During the one-hour call, presented by the American Jewish Congress and the World Zionist Organization, Moore described the foundation’s work as “unbelievably effective.”

He said the group is getting meals to about 800,000 people in Gaza, or nearly half its population, while working in an active war zone and facing an onslaught of disinformation.

“We work around the clock in order to ensure safety and effectiveness, to be as principled as we possibly can be,” he said. “We are dedicated to the humanitarian principles of humanity and of impartiality, of independence and of neutrality.”

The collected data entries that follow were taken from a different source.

(* Let $p$ be a prime, $n\ge 1$, and let $F\otimes_{ku_*}ku_*(\mathbb{Z}_{p^n})$ and the elements $[a,b]$ be as described in the context. For every integer $k\ge 0$, every integer $a$ and every integer $b$ with $1\le b\le (k+1)g_1$, where $g_1=p-1$, one has $$p^{n+k}[a,b]=0 \quad\text{in } F\otimes_{ku_*}ku_*(\mathbb{Z}_{p^n}).$$
   Context: Fix a prime $p$. Let $ku_*=\mathbb{Z}_{(p)}[v]$ be the $p$-local coefficient ring of connective complex $K$-theory, $v$ of degree $2$. Write $g_i=p^i-1$. For $m\ge1$ and $0\le t\le p^m-1$ put $a_{t,m}=\binom{p^m}{t+1}v^t\in ku_*$ (the coefficients of the $[p^m]$-series $[p^m](x)=\sum_t a_{t,m}x^{t+1}$). The reduced homology $ku_*(\mathbb{Z}_{p^n})$ (of $B\mathbb{Z}/p^n$) is the $ku_*$-module generated by classes $e_j$, $j\ge1$, subject to the relations $\sum_{t=0}^{p^n-1}a_{t,n}e_{j-t}=0$ for all $j\ge1$, where $e_h=0$ for $h\le 0$. Let $F=\bigoplus_{i\ge1}ku_*\alpha_i$ be the free $ku_*$-module on generators $\alpha_i$, with $\alpha_h=0$ for $h\le0$. For integers $i,j$ write $[i,j]=\alpha_i\otimes e_j\in F\otimes_{ku_*}ku_*(\mathbb{Z}_{p^n})$ (so $[i,j]=0$ if $i\le0$ or $j\le0$), and $c[i,j]=c\,\alpha_i\otimes e_j$ for $c\in ku_*$. *)

From mathcomp Require Import all_boot all_algebra.
Import GRing.Theory Num.Theory.
Set Implicit Arguments. Unset Strict Implicit. Unset Printing Implicit Defensive.
Local Open Scope ring_scope.

(* ku_* = Z_(p)[v] is modelled as the subring of {poly rat} ('X = v) of
   polynomials all of whose coefficients lie in Z_(p) (denominator prime to p). *)
Definition zloc (p : nat) (q : rat) : bool := ~~ (p %| `|denq q|)%N.
Definition in_ku (p : nat) (P : {poly rat}) : bool := all (zloc p) P.

Definition acoef (p m t : nat) : {poly rat} := ('C(p ^ m, t.+1))%:R *: 'X^t.

(* Elements of the free ku_*-module on the symbols alpha_i (x) e_j, i,j integers,
   given by their coefficient function.  gen c i j = c[i,j], which is 0 unless
   i >= 1 and j >= 1. *)
Definition elt := int -> int -> {poly rat}.
Definition gen (c : {poly rat}) (i j : int) : elt :=
  fun x y => if [&& x == i, y == j, 0 < i & 0 < j] then c else 0.

(* c * (alpha_i (x) relation_j) = sum_{t=0}^{p^n-1} c a_{t,n} [i, j-t] *)
Definition rel (p n : nat) (c : {poly rat}) (i j : int) : elt :=
  fun x y => \sum_(t < p ^ n) gen (c * acoef p n t) i (j - t%:Z) x y.

(* F (x)_{ku_*} ku_*(Z_{p^n}) is the quotient of the free module on the [i,j]
   (i,j >= 1) by the ku_*-submodule generated by the alpha_i (x) relation_j.
   [tensor_zero p n z] : z lies in that submodule, i.e. z = 0 in the tensor product. *)
Definition tensor_zero (p n : nat) (z : elt) : Prop :=
  exists s : seq (int * int * {poly rat}),
    all (fun r => in_ku p r.2) s /\
    forall x y, z x y = \sum_(r <- s) rel p n r.2 r.1.1 r.1.2 x y.

From Pilot Require Import Defs.
From mathcomp Require Import all_boot all_order all_algebra.
From mathcomp Require Import zify ring.
Import Order.TTheory GRing.Theory Num.Theory.
Set Implicit Arguments. Unset Strict Implicit. Unset Printing Implicit Defensive.
Local Open Scope ring_scope.

(* Strong induction on b.  Multiplying the relation at e_b by p^k isolates its
   leading term p^(n+k)[a,b]; every other term is a multiple of
   binom(p^n, s) p^k [a, b-s+1] with s >= 2.  Since p^n divides
   binom(p^n, s) p^(v_p(s)) in Z_(p), that term equals a Z_(p)[v]-multiple of
   p^(n+k-v_p(s)) [a, b-s+1], and b-s+1 <= (k - v_p(s) + 1)(p-1) because
   v (p-1) < p^v <= s.  So the induction hypothesis kills it. *)

Section Zlocal.

Variable p : nat.
Hypothesis p_prime : prime p.

Lemma zloc_int (m : int) : zloc p m%:~R.
Proof. by rewrite /zloc denq_int dvdn1 neq_ltn prime_gt1 ?orbT. Qed.

Lemma zloc_nat (m : nat) : zloc p m%:R.
Proof. exact: (zloc_int m). Qed.

Lemma zloc0 : zloc p 0.
Proof. exact: (zloc_nat 0). Qed.

Lemma zlocN (x : rat) : zloc p (- x) = zloc p x.
Proof. by rewrite /zloc denqN. Qed.

Lemma zloc_frac (m d : int) : ~~ (p %| `|d|)%N -> zloc p (m%:~R / d%:~R).
Proof.
apply: contra; case: divqP => [_ | k x _ p_dvd_den]; first by rewrite dvdn0.
by rewrite abszM dvdn_mull.
Qed.

Lemma zlocM (x y : rat) : zloc p x -> zloc p y -> zloc p (x * y).
Proof.
move=> zx zy; rewrite -(divq_num_den x) -(divq_num_den y) mulf_div -!rmorphM.
by apply: zloc_frac; rewrite abszM Euclid_dvdM // negb_or; apply/andP.
Qed.

Lemma in_kuP (P : {poly rat}) : reflect (forall i, zloc p P`_i) (in_ku p P).
Proof.
apply: (iffP (all_nthP 0)) => [zP i | zP i _]; last exact: zP.
by have [/zP // | i_ge] := ltnP i (size P); rewrite nth_default // zloc0.
Qed.

Lemma in_ku1 : in_ku p 1.
Proof. by apply/in_kuP => i; rewrite coefC; case: ifP => _; rewrite ?zloc0 ?(zloc_nat 1). Qed.

Lemma in_kuN (c : {poly rat}) : in_ku p (- c) = in_ku p c.
Proof.
by apply/in_kuP/in_kuP => zc i; [rewrite -zlocN -coefN | rewrite coefN zlocN].
Qed.

Lemma in_kuMn (d : {poly rat}) (e : nat) : in_ku p d -> in_ku p (d * e%:R).
Proof.
move/in_kuP => zd; apply/in_kuP => i.
by rewrite mulr_natr coefMn -mulr_natr zlocM ?zloc_nat.
Qed.

Lemma in_kuMZX (d : {poly rat}) (u : rat) (t : nat) :
  in_ku p d -> zloc p u -> in_ku p (d * (u *: 'X^t)).
Proof.
move/in_kuP => zd zu; apply/in_kuP => i.
rewrite -scalerAr coefZ coefMXn zlocM //.
by case: ifP => _; [exact: zloc0 | exact: zd].
Qed.

End Zlocal.

Lemma gen_nonpos (c : {poly rat}) (i j x y : int) : j <= 0 -> gen c i j x y = 0.
Proof. by move=> j_le0; rewrite /gen; case: ifP => // /and4P [_ _ _ /lt_le_trans/(_ j_le0)]. Qed.

Section TensorZero.

Variables p n : nat.
Hypothesis p_prime : prime p.

Lemma tensor_zero_ext (z1 z2 : elt) :
  (forall x y, z1 x y = z2 x y) -> tensor_zero p n z1 -> tensor_zero p n z2.
Proof. by move=> z12 [s [s_ku z1E]]; exists s; split => // x y; rewrite -z12. Qed.

Lemma tensor_zero0 : tensor_zero p n (fun _ _ => 0).
Proof. by exists [::]; split => // x y; rewrite big_nil. Qed.

Lemma tensor_zero_gen0 (c : {poly rat}) (i j : int) : j <= 0 -> tensor_zero p n (gen c i j).
Proof. by move=> j_le0; apply: tensor_zero_ext tensor_zero0 => x y; rewrite gen_nonpos. Qed.

Lemma tensor_zeroD (z1 z2 : elt) : tensor_zero p n z1 -> tensor_zero p n z2 ->
  tensor_zero p n (fun x y => z1 x y + z2 x y).
Proof.
move=> [s1 [s1_ku z1E]] [s2 [s2_ku z2E]]; exists (s1 ++ s2).
by rewrite all_cat s1_ku s2_ku; split => // x y; rewrite big_cat z1E z2E.
Qed.

Lemma tensor_zeroN (z : elt) : tensor_zero p n z -> tensor_zero p n (fun x y => - z x y).
Proof.
move=> [s [s_ku zE]]; exists [seq (r.1, - r.2) | r <- s]; split.
  by rewrite all_map; apply: sub_all s_ku => r /=; rewrite in_kuN.
move=> x y; rewrite zE big_map -sumrN; apply: eq_bigr => r _.
rewrite /Defs.rel -sumrN; apply: eq_bigr => t _.
by rewrite /gen; case: ifP; rewrite ?mulNr ?oppr0.
Qed.

Lemma tensor_zeroB (z1 z2 : elt) : tensor_zero p n z1 -> tensor_zero p n z2 ->
  tensor_zero p n (fun x y => z1 x y - z2 x y).
Proof. by move=> z1_0 /tensor_zeroN; apply: tensor_zeroD. Qed.

Lemma tensor_zero_rel (c : {poly rat}) (i j : int) :
  in_ku p c -> tensor_zero p n (Defs.rel p n c i j).
Proof. by move=> c_ku; exists [:: (i, j, c)]; rewrite /= c_ku; split => // x y; rewrite big_seq1. Qed.

Lemma tensor_zero_sum (I : eqType) (r : seq I) (F : I -> elt) :
  (forall t, t \in r -> tensor_zero p n (F t)) ->
  tensor_zero p n (fun x y => \sum_(t <- r) F t x y).
Proof.
elim: r => [|t r IH] F0.
  by apply: tensor_zero_ext tensor_zero0 => x y; rewrite big_nil.
have sum_0 : tensor_zero p n (fun x y => \sum_(t <- r) F t x y).
  by apply: IH => t' t'_r; apply: F0; rewrite inE t'_r orbT.
apply: tensor_zero_ext (tensor_zeroD (F0 t (mem_head t r)) sum_0) => x y.
by rewrite big_cons.
Qed.

Lemma rel_lead_tail (c : {poly rat}) (i j x y : int) :
  Defs.rel p n c i j x y = gen (c * (p ^ n)%:R) i j x y
    + \sum_(1 <= t < p ^ n) gen (c * acoef p n t) i (j - t%:Z) x y.
Proof.
have pn_gt0 : (0 < p ^ n)%N by rewrite expn_gt0 prime_gt0.
rewrite /Defs.rel.
rewrite -(big_mkord xpredT (fun t => gen (c * acoef p n t) i (j - t%:Z) x y)) big_ltn //.
by rewrite /acoef bin1 expr0 scaler_nat subr0.
Qed.

End TensorZero.

Lemma mul_predn_lt_expn (p v : nat) : (1 < p)%N -> (v * p.-1 < p ^ v)%N.
Proof.
move=> p_gt1; elim: v => [|v IH]; first by rewrite expn0.
have: (0 < p ^ v)%N by rewrite expn_gt0 ltnW.
rewrite mulSn expnS; case: p p_gt1 IH => [|[|q]] //= _; nia.
Qed.

Lemma logn_mul_predn_lt (p s : nat) : prime p -> (0 < s)%N -> (logn p s * p.-1 < s)%N.
Proof.
move=> p_prime s_gt0; apply: leq_trans (mul_predn_lt_expn _ (prime_gt1 p_prime)) _.
exact: dvdn_leq s_gt0 (pfactor_dvdnn p s).
Qed.

(* From s binom(p^n, s) = p^n binom(p^n - 1, s - 1), writing s = j p^(v_p(s)). *)
Lemma binomial_expn_factor (p n s : nat) : prime p -> (0 < s)%N ->
  exists2 u : rat, zloc p u & 'C(p ^ n, s)%:R * (p ^ logn p s)%:R = u * (p ^ n)%:R.
Proof.
move=> p_prime s_gt0; have [j cop_pj s_eq] := pfactor_coprime p_prime s_gt0.
have j_gt0 : (0 < j)%N by move: s_eq s_gt0 => ->; rewrite muln_gt0 => /andP [].
set B := 'C((p ^ n).-1, s.-1).
exists (B%:R / j%:R); first by apply: (@zloc_frac p B j); rewrite -prime_coprime.
have diag : (p ^ n * B = s * 'C(p ^ n, s))%N by rewrite mul_bin_diag prednK.
apply: (@mulIf _ j%:R); first by rewrite pnatr_eq0 -lt0n.
rewrite [RHS]mulrAC divfK ?pnatr_eq0 -?lt0n // -!natrM; congr _%:R.
by rewrite -mulnA [(_ * j)%N]mulnC -s_eq mulnC -diag mulnC.
Qed.

Lemma acoef_expn_factor (p n k t : nat) (d : {poly rat}) :
  prime p -> in_ku p d -> (logn p t.+1 <= k)%N ->
  exists2 d', in_ku p d' &
    d * (p ^ k)%:R * acoef p n t = d' * (p ^ (n + (k - logn p t.+1)))%:R.
Proof.
move=> p_prime d_ku v_le_k; set v := logn p t.+1 in v_le_k *.
have [u zu uE] := binomial_expn_factor n p_prime (ltn0Sn t).
exists (d * (u *: 'X^t)); first exact: in_kuMZX.
have scal : ('C(p ^ n, t.+1)%:R * (p ^ k)%:R : rat) = u * (p ^ (n + (k - v)))%:R.
  by rewrite -{1}(subnKC v_le_k) !expnD !natrM mulrA uE mulrA.
transitivity (('C(p ^ n, t.+1)%:R * (p ^ k)%:R) *: (d * 'X^t)).
  by rewrite /acoef -!mul_polyC polyCM !polyC_natr; ring.
by rewrite scal -!mul_polyC polyCM polyC_natr; ring.
Qed.

Lemma tensor_zero_gen_expn (p n : nat) (a : int) (m k : nat) (d : {poly rat}) :
  prime p -> in_ku p d -> (m <= k.+1 * p.-1)%N ->
  tensor_zero p n (gen (d * (p ^ (n + k))%:R) a m%:Z).
Proof.
move=> p_prime; elim/ltn_ind: m k d => m IH k d d_ku m_le.
have [-> | m_gt0] := posnP m; first exact: tensor_zero_gen0.
have q_gt0 : (0 < p.-1)%N by rewrite -subn1 subn_gt0 prime_gt1.
have tail_0 : tensor_zero p n (fun x y =>
    \sum_(1 <= t < p ^ n) gen (d * (p ^ k)%:R * acoef p n t) a (m%:Z - t%:Z) x y).
  apply: (@tensor_zero_sum p n nat) => t; rewrite mem_index_iota => /andP [t_gt0 _].
  have [m_le_t | t_lt_m] := leqP m t.
    by apply: tensor_zero_gen0; rewrite subr_le0 lez_nat.
  have v_lt := logn_mul_predn_lt p_prime (ltn0Sn t).
  have v_le_k : (logn p t.+1 <= k)%N.
    by rewrite -ltnS -(ltn_pmul2r q_gt0); lia.
  have [d' d'_ku dE] := acoef_expn_factor n p_prime d_ku v_le_k.
  rewrite dE subzn; last exact: ltnW.
  apply: (IH (m - t)%N _ (k - logn p t.+1)%N d' d'_ku).
    by rewrite ltn_subrL t_gt0.
  by rewrite -subSn // mulnBl; lia.
have rel_0 : tensor_zero p n (Defs.rel p n (d * (p ^ k)%:R) a m).
  by apply: tensor_zero_rel; apply: in_kuMn.
apply: tensor_zero_ext (tensor_zeroB p_prime rel_0 tail_0) => x y.
by rewrite rel_lead_tail // -mulrA -natrM -expnD addnC addrK.
Qed.

Theorem lemma4p1 (p n k : nat) (a b : int) :
  prime p -> (1 <= n)%N ->
  1 <= b <= ((k.+1 * (p.-1))%N)%:Z ->
  tensor_zero p n (gen ((p ^ (n + k))%:R) a b).
Proof.
move=> p_prime _ /andP [b_ge1 b_le]; case: b b_ge1 b_le => [m|m] //= _ m_le.
by rewrite -[_%:R]mul1r; apply: tensor_zero_gen_expn (in_ku1 p_prime) _.
Qed.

More than 1,000 killed trying to access food

He did not mention the foundation is a private Israel-supported and U.S.-backed group, whose distribution sites are guarded by private American contractors and, on the outskirts, by Israeli soldiers who have repeatedly opened fire daily on people approaching the food aid sites.

Since the Gaza Humanitarian Foundation began operating in May, 1,054 people have been killed trying to get food—766 of them in the vicinity of GHF sites and 288 near United Nations and other humanitarian organizations’ aid convoys, a U.N. human rights office spokesman said. The recent bloodshed has led to increasing outrage across the world.

Twenty-one European countries plus Canada and Australia issued a joint statement July 21 condemning “the drip feeding of aid and the inhumane killing of civilians, including children, seeking to meet their most basic needs of water and food” in Gaza.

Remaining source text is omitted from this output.